President Donald Trump declared on Wednesday a 10 percent baseline tax on imports from all countries and higher tariff rates on dozens of nations that run trade surpluses with the United States.
Trump held up a chart while speaking at the White House, showing the United States would charge a 34 percent tax on imports from China, a 20 percent tax on imports from the European Union, 25 percent on South Korea, 24 percent on Japan, and 32 percent on Taiwan.
Trump declared a national economic emergency to launch the tariffs, expected to produce hundreds of billions in annual revenues. He has promised that factory jobs will return back to the United States as a result of the taxes, but his policies risk a sudden economic slowdown as consumers and businesses could face sharp price hikes on autos, clothes, and other goods.
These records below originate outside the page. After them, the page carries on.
Lemma residue_of_HD n X Y : (0 < n)%N ->
  residue_of_H n X -> residue_of_H n Y -> residue_of_H n (X + Y).
Proof.
move=> n_gt0 resX resY; have hX := residue_of_H_Zlam resX; have hY := residue_of_H_Zlam resY.
case: n n_gt0 resX resY => [//|n] _ [g hg hgX] [h hh hhY]; exists (g *m h); first exact: HM.
set q := 2%:R ^+ n.+1 in hgX hhY *.
have Zlam_1q (Z : 'M[R]_2) : Z \is a mxOver Zlam -> 1%:M + q *: Z \is a mxOver Zlam.
  by move=> hZ; rewrite rpredD ?mxOverZ ?pow2_Zlam //; apply: mxOver_scalar; Zlam_tac.
have := mxOver_ideal_congrM (Zlam_1q _ hX) (in_H5_Zlam (H_in_H5 hh)) hgX hhY.
rewrite mulmx_1addZ -scalerDr => /mxOver_ideal_trans; apply.
rewrite addrAC subrr add0r.
have -> : q * q = 2%:R ^+ n.+2 * 2%:R ^+ n by rewrite /q -!exprD addnS addSn.
by rewrite -scalerA mxOver_ideal_scale // mxOverZ ?pow2_Zlam // mxOverM.
Qed.

Lemma residue_of_H_conj n g X :
  in_H5 g -> residue_of_H n X -> residue_of_H n (g *m X *m invmx g).
Proof.
move=> hg [h hh hhX]; exists (g *m h *m invmx g); first exact: H_conj.
have -> : 1%:M + 2%:R ^+ n *: (g *m X *m invmx g) = g *m (1%:M + 2%:R ^+ n *: X) *m invmx g.
  by rewrite mulmxDr mulmxDl mulmx1 mulmxV ?in_H5_unit // -scalemxAr -scalemxAl.
rewrite -mulmxBl -mulmxBr.
exact: mxOver_ideal_mulr (mxOver_ideal_mull (in_H5_Zlam hg) hhX) (in_H5_Zlam (in_H5V hg)).
Qed.

Lemma residue_of_H_sqr n X : (1 < n)%N -> residue_of_H n X -> residue_of_H n.+1 X.
Proof.
case: n => [|[|k]] // _ [r hr hrX]; set q := 2%:R ^+ k.+2 in hrX *.
have /HP[hr5 /(mxOver_idealP _ (pow2_neq0 _ _)) [Z hZ eZ]] := hr.
have rE : r = 1%:M + q *: Z by rewrite -eZ addrC subrK.
have hZX : Z - X \is a mxOver (ideal 2).
  apply: (mxOver_ideal_scaleK (pow2_neq0 _ k.+2)).
  by rewrite -exprSr -/q -subr_1addZ -rE.
have sqr : r *m r - (1%:M + 2%:R ^+ k.+3 *: Z) \is a mxOver (ideal (2%:R ^+ k.+4)).
  have q2 : 2%:R ^+ k.+3 = q + q by rewrite exprSr -/q mulrDr mulr1.
  rewrite rE mulmx_1addZ q2 scalerDl addrAC subrr add0r.
  have -> : q * q = 2%:R ^+ k.+4 * 2%:R ^+ k by rewrite /q -!exprD !addnS addSn.
  by rewrite -scalerA mxOver_ideal_scale // mxOverZ ?pow2_Zlam // mxOverM.
exists (r *m r).
  apply/HP; split; first exact: in_H5M.
  apply: (mxOver_ideal_trans (mxOver_ideal_pow2S sqr)).
  by rewrite addrAC subrr add0r mxOver_ideal_scale.
apply: (mxOver_ideal_trans sqr).
by rewrite subr_1addZ [2%:R ^+ k.+4]exprSr mxOver_ideal_scalel.
Qed.

Lemma residue_of_H_scalen n k X : (0 < n)%N ->
  residue_of_H n X -> residue_of_H n (k%:R *: X).
Proof.
move=> n_gt0 hres; elim: k => [|k IH]; first by rewrite scale0r; apply: residue_of_H0.
by rewrite -natr1 scalerDl scale1r; apply: residue_of_HD.
Qed.
End Lifting.

Section Generation.
Variable R : realType.
Local Notation lam := (lam R).
Local Notation Zlam := (@Zlam R).
Local Notation residue := (@residue_of_H R 2).

Tactic Notation "ideal_witness" constr(y) :=
  apply/idealP; exists y; [Zlam_tac | ring: (lam_sqr R)].

Lemma residue_S_conj b : b \in Zlam -> residue (mx2 0 b 0 0) -> residue (mx2 0 0 b 0).
Proof.
move=> hb /(residue_of_H_conj (in_H5_Smx R)).
rewrite invmx_Smx Smx_mx2 !mx2_mul => /residue_of_H_congr; apply.
rewrite mx2_sub mxOver_mx2; apply/and4P.
by split; [ideal_witness (0 : R) | ideal_witness (0 : R) | ideal_witness (- b)
  | ideal_witness (0 : R)].
Qed.

Lemma residue_T_conj b : b \in Zlam ->
  residue (mx2 0 0 b 0) -> residue (mx2 (b * lam) (b * (lam + 1)) b (b * lam)).
Proof.
move=> hb /(residue_of_H_conj (in_H5_Tmx R)).
rewrite invmx_Tmx Tmx_mx2 !mx2_mul => /residue_of_H_congr; apply.
rewrite mx2_sub mxOver_mx2; apply/and4P.
by split; [ideal_witness (0 : R) | ideal_witness (- b * (lam + 1)) | ideal_witness (0 : R)
  | ideal_witness (- b * lam)].
Qed.

Lemma residue_T4 : residue (mx2 0 lam 0 0).
Proof.
have T4 : Tmx R *m Tmx R *m Tmx R *m Tmx R = mx2 1 (2%:R ^+ 2 * lam) 0 1.
  by rewrite Tmx_mx2 !mx2_mul; congr mx2; ring.
exists (Tmx R *m Tmx R *m Tmx R *m Tmx R).
  have hT := in_H5_Tmx R.
  apply/HP; split; first by do 3!apply: in_H5M => //.
  rewrite T4 mx2_one mx2_sub mxOver_mx2; apply/and4P.
  by split; [ideal_witness (0 : R) | ideal_witness lam | ideal_witness (0 : R)
    | ideal_witness (0 : R)].
rewrite T4 mx2_one mx2_scale mx2_add mx2_sub mxOver_mx2.
by apply/and4P; split; ideal_witness (0 : R).
Qed.

Lemma residue_res2R (M : 'M[R]_2) e :
  residue M -> residue (lam *: M) -> residue (res2R e *: M).
Proof.
move=> h1 hlam; rewrite /res2R scalerDl -scalerA.
by apply: residue_of_HD => //; apply: residue_of_H_scalen.
Qed.

Section FromSigma.
Hypothesis residue_e01 : residue (mx2 0 1 0 0).

Let residue_e10 : residue (mx2 0 0 1 0) := residue_S_conj (rpred1 _) residue_e01.
Let residue_lam_e10 : residue (mx2 0 0 lam 0) := residue_S_conj (Zlam_lam R) residue_T4.

Lemma residue_lam_one : residue (mx2 lam 0 0 lam).
Proof.
(* [T e21 T^-1 + lam e12 + e12 + e21 = lam] modulo 2 *)
have := residue_T_conj (rpred1 _) residue_e10.
move=> /(residue_of_HD (n := 2) isT)/(_ residue_T4).
move=> /(residue_of_HD (n := 2) isT)/(_ residue_e01).
move=> /(residue_of_HD (n := 2) isT)/(_ residue_e10).
rewrite !mx2_add => /residue_of_H_congr; apply; rewrite mx2_sub mxOver_mx2; apply/and4P.
by split; [ideal_witness (0 : R) | ideal_witness (lam + 1) | ideal_witness (1 : R)
  | ideal_witness (0 : R)].
Qed.

Lemma residue_one : residue (mx2 1 0 0 1).
Proof.
(* [T (lam e21) T^-1 + lam + e12 + lam e21 = 1] modulo 2 *)
have := residue_T_conj (Zlam_lam R) residue_lam_e10.
move=> /(residue_of_HD (n := 2) isT)/(_ residue_lam_one).
move=> /(residue_of_HD (n := 2) isT)/(_ residue_e01).
move=> /(residue_of_HD (n := 2) isT)/(_ residue_lam_e10).
rewrite !mx2_add => /residue_of_H_congr; apply; rewrite mx2_sub mxOver_mx2; apply/and4P.
by split; [ideal_witness lam | ideal_witness (lam + 1) | ideal_witness lam | ideal_witness lam].
Qed.

Lemma residue_cls c : residue (cls_mx c).
Proof.
have lamE a b d e : lam *: mx2 a b d e = mx2 (lam * a) (lam * b) (lam * d) (lam * e).
  exact: mx2_scale.
have hI := residue_res2R c.1.1 residue_one.
have h01 := residue_res2R c.1.2 residue_e01.
have h10 := residue_res2R c.2 residue_e10.
rewrite !lamE !mulr0 !mulr1 in hI h01 h10.
have -> : cls_mx c = res2R c.1.1 *: mx2 1 0 0 1 + res2R c.1.2 *: mx2 0 1 0 0
    + res2R c.2 *: mx2 0 0 1 0 :> 'M[R]_2.
  by rewrite /cls_mx !mx2_scale !mx2_add; congr mx2; ring.
apply: (residue_of_HD (n := 2) isT); first apply: (residue_of_HD (n := 2) isT).
- exact: hI residue_lam_one.
- exact: h01 residue_T4.
- exact: h10 residue_lam_e10.
Qed.
End FromSigma.
End Generation.

Section IndexCount.
Variable R : realType.

Lemma mx_group_H5 : mx_group (@in_H5 R).
Proof.
by split=> [|a b|a|a]; [constructor | apply: in_H5M | apply: in_H5V | apply: in_H5_unit].
Qed.

Lemma mx_group_H (m : R) : mx_group (H m).
Proof.
by split=> [|a b|a|a]; [apply: H1 | apply: HM | apply: HV | move/H_in_H5; apply: in_H5_unit].
Qed.

Lemma has_index_H_pow2S n : (forall c, residue_of_H n.+1 (@cls_mx R c)) ->
  @has_index R (H (2%:R ^+ n.+1)) (H (2%:R ^+ n.+2)) #|{: cls}|.
Proof.
move=> res; pose r c := sval (cid2 (res c)).
have [hr hrc] : (forall c, H (2%:R ^+ n.+1) (r c)) /\
    forall c, r c - (1%:M + 2%:R ^+ n.+1 *: cls_mx c) \is a mxOver (ideal (2%:R ^+ n.+2)).
  by split=> c; case: (svalP (cid2 (res c))).
apply: (has_index_card (r := r)) => // g hg.
have [c hgc] := H_pow2_cls hg.
have cosetP c' : H (2%:R ^+ n.+2) (invmx (r c') *m g) <->
    g - r c' \is a mxOver (ideal (2%:R ^+ n.+2)).
  exact: H_cosetP (H_in_H5 (hr c')) (H_in_H5 hg).
exists c; split=> [|c' /cosetP hc'].
  apply/cosetP; apply: (mxOver_ideal_trans hgc).
  by rewrite -opprB rpredN.
have hcc' : (1%:M + 2%:R ^+ n.+1 *: @cls_mx R c) - (1%:M + 2%:R ^+ n.+1 *: cls_mx c')
    \is a mxOver (ideal (2%:R ^+ n.+2)).
  apply: (mxOver_ideal_trans (B := g)); first by rewrite -opprB rpredN.
  exact: mxOver_ideal_trans hc' (hrc c').
rewrite subr_1addZ [2%:R ^+ n.+2]exprSr in hcc'.
exact/cls_mx_inj/(mxOver_ideal_scaleK (pow2_neq0 _ n.+1) hcc').
Qed.
End IndexCount.

Lemma card_cls : #|{: cls}| = (2 ^ 6)%N.
Proof. by rewrite !card_prod card_bool. Qed.

Section Main.
Variable R : realType.

Lemma residue_e01_of_sigma (s : 'M[R]_2) : H 4%:R s ->
  mx_congr 8%:R s (\matrix_(i < 2, j < 2) (if i == j then 1 else if i == 0 then 4%:R else 0)) ->
  residue_of_H 2 (mx2 0 1 0 0 : 'M[R]_2).
Proof.
move=> hs /mx_congrP hc; exists s; first by rewrite -natrX.
suff -> : 1%:M + 2%:R ^+ 2 *: mx2 0 1 0 0 = \matrix_(i < 2, j < 2)
    (if i == j then 1 else if i == 0 then 4%:R else 0) :> 'M[R]_2.
  by rewrite -natrX.
rewrite -natrX mx2_one mx2_scale mx2_add; apply/matrixP => i j; rewrite !mxE.
by case: (ord2P i) => ->; case: (ord2P j) => ->; rewrite /= ?mulr0 ?mulr1 ?addr0 ?add0r.
Qed.

Hypothesis residue_e01 : residue_of_H 2 (mx2 0 1 0 0 : 'M[R]_2).

Lemma residue_of_H_cls n c : (2 <= n)%N -> residue_of_H n (@cls_mx R c).
Proof.
elim: n => [|n IH] //; rewrite leq_eqVlt => /orP[/eqP[<-]|hn].
  exact: residue_cls residue_e01 c.
exact: residue_of_H_sqr hn (IH hn).
Qed.

Lemma has_index_H_pow2 n : (2 <= n)%N ->
  @has_index R (H (2%:R ^+ n)) (H (2%:R ^+ n.+1)) (2 ^ 6)%N.
Proof.
case: n => // n hn; rewrite -card_cls; apply: has_index_H_pow2S => c.
exact: residue_of_H_cls.
Qed.

Lemma has_index_H5_pow2S n k : (2 <= n)%N ->
  @has_index R (@in_H5 R) (H (2%:R ^+ n)) k <->
  @has_index R (@in_H5 R) (H (2%:R ^+ n.+1)) (k * 2 ^ 6)%N.
Proof.
move=> hn; apply: (has_index_mulr_iff (mx_group_H5 R) (mx_group_H _) (mx_group_H _)).
- by move=> a; rewrite exprSr => ha; apply: (H_mulS _ ha); apply: rpred_nat.
- by move=> a /H_in_H5.
- exact: has_index_H_pow2.
- by rewrite expn_gt0.
Qed.
End Main.

Theorem corollary4p3 (R : realType) :
  (exists sigma : 'M[R]_2, H 4%:R sigma /\
     mx_congr 8%:R sigma (\matrix_(i < 2, j < 2)
        (if i == j then 1 else if i == 0 then 4%:R else 0))) ->
  (forall n : nat, (2 <= n)%N ->
     @has_index R (H (2%:R ^+ n)) (H (2%:R ^+ n.+1)) (2 ^ 6)%N) /\
  (forall n : nat, (2 <= n)%N -> forall k : nat,
     @has_index R (@in_H5 R) (H 4%:R) k <->
     @has_index R (@in_H5 R) (H (2%:R ^+ n)) (2 ^ (6 * (n - 2)) * k)%N).
Proof.
move=> [s [hs hc]]; have e01 := residue_e01_of_sigma hs hc.
split=> [n|]; first exact: (has_index_H_pow2 e01).
elim=> [|n IH] // hn k; have [->|hn1] : n = 1%N \/ (2 <= n)%N by lia.
  by rewrite mul1n -natrX.
rewrite IH // (has_index_H5_pow2S e01 _ hn1) subSn // mulnS expnD.
by rewrite mulnC mulnA.
Qed.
“Taxpayers have been ripped off for more than 50 years,” Trump said in remarks at the White House. “But it is not going to happen anymore.”
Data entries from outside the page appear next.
Lemma comp_polyop k n (A : 'M[{poly RR}]_(k, n)) w i :
  Defs.comp (polyop A w) i = (fun t => \sum_(l < n) pdiff (A i l) (Defs.comp w l) t).
Proof. by apply/funext => t; rewrite /Defs.comp /polyop mxE. Qed.

Lemma smooth_polyop k n (A : 'M[{poly RR}]_(k, n)) w : smooth w -> smooth (polyop A w).
Proof.
move=> sw; apply/smoothP => i; rewrite comp_polyop.
by have [] // := smooth_fn_sum (fun l => smooth_fn_pdiff (q := A i l) (sw l)).
Qed.

Lemma polyop_mul k n r (A : 'M[{poly RR}]_(k, n)) (B : 'M[{poly RR}]_(n, r)) w :
  smooth w -> polyop (A *m B) w = polyop A (polyop B w).
Proof.
move=> sw; apply: traj_ext => i; rewrite !comp_polyop; apply/funext => t.
have sB j l : smooth_fn (pdiff (B j l) (Defs.comp w l)) by apply: smooth_fn_pdiff; exact: sw.
under [RHS]eq_bigr => j _ do rewrite comp_polyop (pdiff_sum_fn _ (sB j)).
rewrite exchange_big; apply: eq_bigr => l _.
rewrite mxE pdiff_sum /=; apply: eq_bigr => j _.
by rewrite pdiffM //; exact: sw.
Qed.

Lemma polyop_add k n (A : 'M[{poly RR}]_(k, n)) w1 w2 : smooth w1 -> smooth w2 ->
  polyop A (w1 \+ w2) = polyop A w1 \+ polyop A w2.
Proof.
move=> s1 s2; apply: traj_ext => i; rewrite comp_add !comp_polyop; apply/funext => t /=.
by rewrite -big_split; apply: eq_bigr => l _; rewrite comp_add (pdiff_add_fn _ (s1 l) (s2 l)).
Qed.

Lemma polyop_traj0 k n (A : 'M[{poly RR}]_(k, n)) : polyop A (traj0 n) = traj0 k.
Proof.
apply: traj_ext => i; rewrite comp_polyop comp_traj0; apply/funext => t.
by rewrite big1 // => l _; rewrite comp_traj0 pdiff_zero_fn.
Qed.

Lemma polyop0 k n (w : traj n) : polyop (0 : 'M[{poly RR}]_(k, n)) w = traj0 k.
Proof.
apply: traj_ext => i; rewrite comp_polyop comp_traj0; apply/funext => t.
by rewrite big1 // => l _; rewrite mxE pdiff0.
Qed.

Lemma polyop1 n (w : traj n) : polyop (1%:M : 'M[{poly RR}]_n) w = w.
Proof.
apply: traj_ext => i; rewrite comp_polyop; apply/funext => t.
rewrite (bigD1 i) //= big1 ?addr0 => [|l /negPf nl]; first by rewrite mxE eqxx pdiff1.
by rewrite mxE eq_sym nl pdiff0.
Qed.

Lemma comp_polyop_diag n (r : 'rV[{poly RR}]_n) w j :
  Defs.comp (polyop (diag_mx r) w) j = pdiff (r 0 j) (Defs.comp w j).
Proof.
rewrite comp_polyop; apply/funext => t.
rewrite (bigD1 j) //= big1 ?addr0 => [|l /negPf nl]; first by rewrite mxE eqxx mulr1n.
by rewrite mxE eq_sym nl mulr0n pdiff0.
Qed.

Lemma kerB_traj0 k n (A : 'M[{poly RR}]_(k, n)) : kerB A (traj0 n).
Proof. by split; [exact: smooth_traj0 | move=> t; rewrite polyop_traj0]. Qed.

Lemma kerB_add k n (A : 'M[{poly RR}]_(k, n)) w1 w2 :
  kerB A w1 -> kerB A w2 -> kerB A (w1 \+ w2).
Proof.
move=> [s1 h1] [s2 h2]; split; first exact: smooth_add.
by move=> t; rewrite polyop_add //= h1 h2 addr0.
Qed.

Definition restrict n (S : pred 'I_n) (w : traj n) : traj n :=
  traj_of (fun j => if S j then Defs.comp w j else fun _ => 0).

Lemma comp_restrict n (S : pred 'I_n) w j :
  Defs.comp (restrict S w) j = if S j then Defs.comp w j else fun _ => 0.
Proof. exact: comp_traj_of. Qed.

Lemma smooth_restrict n (S : pred 'I_n) w : smooth w -> smooth (restrict S w).
Proof.
by move=> sw; apply/smoothP => j; rewrite comp_restrict; case: (S j); [exact: sw | exact: smooth_fn_zero].
Qed.

Lemma restrict_split n (S : pred 'I_n) w : w = restrict S w \+ restrict (predC S) w.
Proof.
apply: traj_ext => j; rewrite comp_add !comp_restrict /=; apply/funext => t /=.
by case: (S j); rewrite ?addr0 ?add0r.
Qed.

Lemma pdiff_muln (q : {poly RR}) (b : bool) f :
  pdiff (q *+ b) f = if b then pdiff q f else fun _ => 0.
Proof. by case: b; rewrite ?mulr0n ?mulr1n ?pdiff0. Qed.

Lemma unitmx_det_neq0 (T : comUnitRingType) n (A : 'M[T]_n) : A \in unitmx -> \det A != 0.
Proof. by rewrite unitmxE; apply: contraTneq => ->; rewrite unitr0. Qed.

Section KernelInclusion.
Variables (p k k1 : nat) (G : 'M[{poly RR}]_(k, p)) (G1 : 'M[{poly RR}]_(k1, p)).
Variables (L : 'M[{poly RR}]_k) (R : 'M[{poly RR}]_p) (d : seq {poly RR}).
Hypotheses (uL : L \in unitmx) (uR : R \in unitmx) (dG : G = L *m diag_rect d *m R).

(* In the coordinates x = R(d/dt) y, the equations G y = 0 read d_j(d/dt) x_j = 0
   for the torsion coordinates and impose nothing on the free ones. *)
Definition torsion (j : 'I_p) : bool := (j < k)%N && (d`_j != 0).

Lemma diag_rect_kerP (x : traj p) :
  polyop (diag_rect d) x = traj0 k <->
  forall j, torsion j -> pdiff d`_j (Defs.comp x j) = fun _ => 0.
Proof.
split=> [Dx0 j /andP [jk dj] | xt].
  have := congr1 (fun w => Defs.comp w (Ordinal jk)) Dx0; rewrite comp_polyop comp_traj0 => <-.
  apply/funext => t; rewrite (bigD1 j) //= big1 => [|l /eqP jl]; first by rewrite mxE eqxx addr0.
  by rewrite mxE pdiff_muln (_ : (j == l :> nat) = false) //; apply/eqP => jl'; apply: jl; apply: val_inj.
apply: traj_ext => i; rewrite comp_polyop comp_traj0; apply/funext => t.
rewrite big1 // => l _; rewrite mxE pdiff_muln; case: eqP => // il.
have [-> | dl] := eqVneq d`_i 0; first by rewrite pdiff0.
by rewrite il xt // /torsion -il ltn_ord dl.
Qed.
Trump was fulfilling a key campaign promise as he imposed what he called “reciprocal” tariffs on trade partners, acting without Congress through the 1977 International Emergency Powers Act in an extraordinary attempt to both break and ultimately reshape America’s trading relationship with the world.
The president’s higher rates would hit foreign entities that sell more goods to the United States than they buy, meaning the tariffs could stay in place for some time as the administration expects other nations to lower their tariffs and other barriers to trade that it says have led to a $1.2 trillion trade imbalance last year.
The tariffs follow similar recent announcements of 25 percent taxes on auto imports; levies against China, Canada, and Mexico; and expanded trade penalties on steel and aluminum. Trump has also imposed tariffs on countries that import oil from Venezuela and he plans separate import taxes on pharmaceutical drugs, lumber, copper, and computer chips.
Based on the possibility of broad tariffs that have been floated by some White House aides, most outside analyses by banks and think tanks see an economy tarnished by higher prices and stagnating growth.
Rep. Suzan DelBene (D-Wash.) said the tariffs are “part of the chaos and dysfunction” being generated across the Trump administration. The chair of the Democratic Congressional Campaign Committee stressed that Trump should not have the sole authority to raise taxes as he intends without getting lawmakers’ approval, saying that Republicans so far have been “blindly loyal.”
“The president shouldn’t be able to do that,” DelBene said. “This is a massive tax increase on American families, and it’s without a vote in Congress … President Trump promised on the campaign trail that he would lower costs on day one. Now he says he doesn’t care if prices go up—he’s broken his promise.”
Even Republicans who trust Trump’s instincts have acknowledged that the tariffs could disrupt an economy with an otherwise healthy 4.1 percent unemployment rate.
“We’ll see how it all develops,” said House Speaker Mike Johnson (R-La). “It may be rocky in the beginning. But I think that this will make sense for Americans and help all Americans.”
Longtime trading partners are preparing their own countermeasures. Canada has imposed some in response to the 25 percent tariffs that Trump tied to the trafficking of fentanyl. The European Union, in response to the steel and aluminum tariffs, put taxes on 26 billion euros’ worth ($28 billion) of U.S. goods, including on bourbon, which prompted Trump to threaten a 200 percent tariff on European alcohol.
The flip side is that Americans also have the incomes to choose to buy designer gowns by French fashion houses and autos from German manufacturers, whereas World Bank data show the EU has lower incomes per capita than the U.S.
“Europe has not started this confrontation,” said European Commission President Ursula von der Leyen. “We do not necessarily want to retaliate but, if it is necessary, we have a strong plan to retaliate and we will use it.”
Italy’s premier, Giorgia Meloni, on Wednesday reiterated her call to avoid an EU–U.S. trade war, saying it would harm both sides and would have “heavy” consequences for her country’s economy.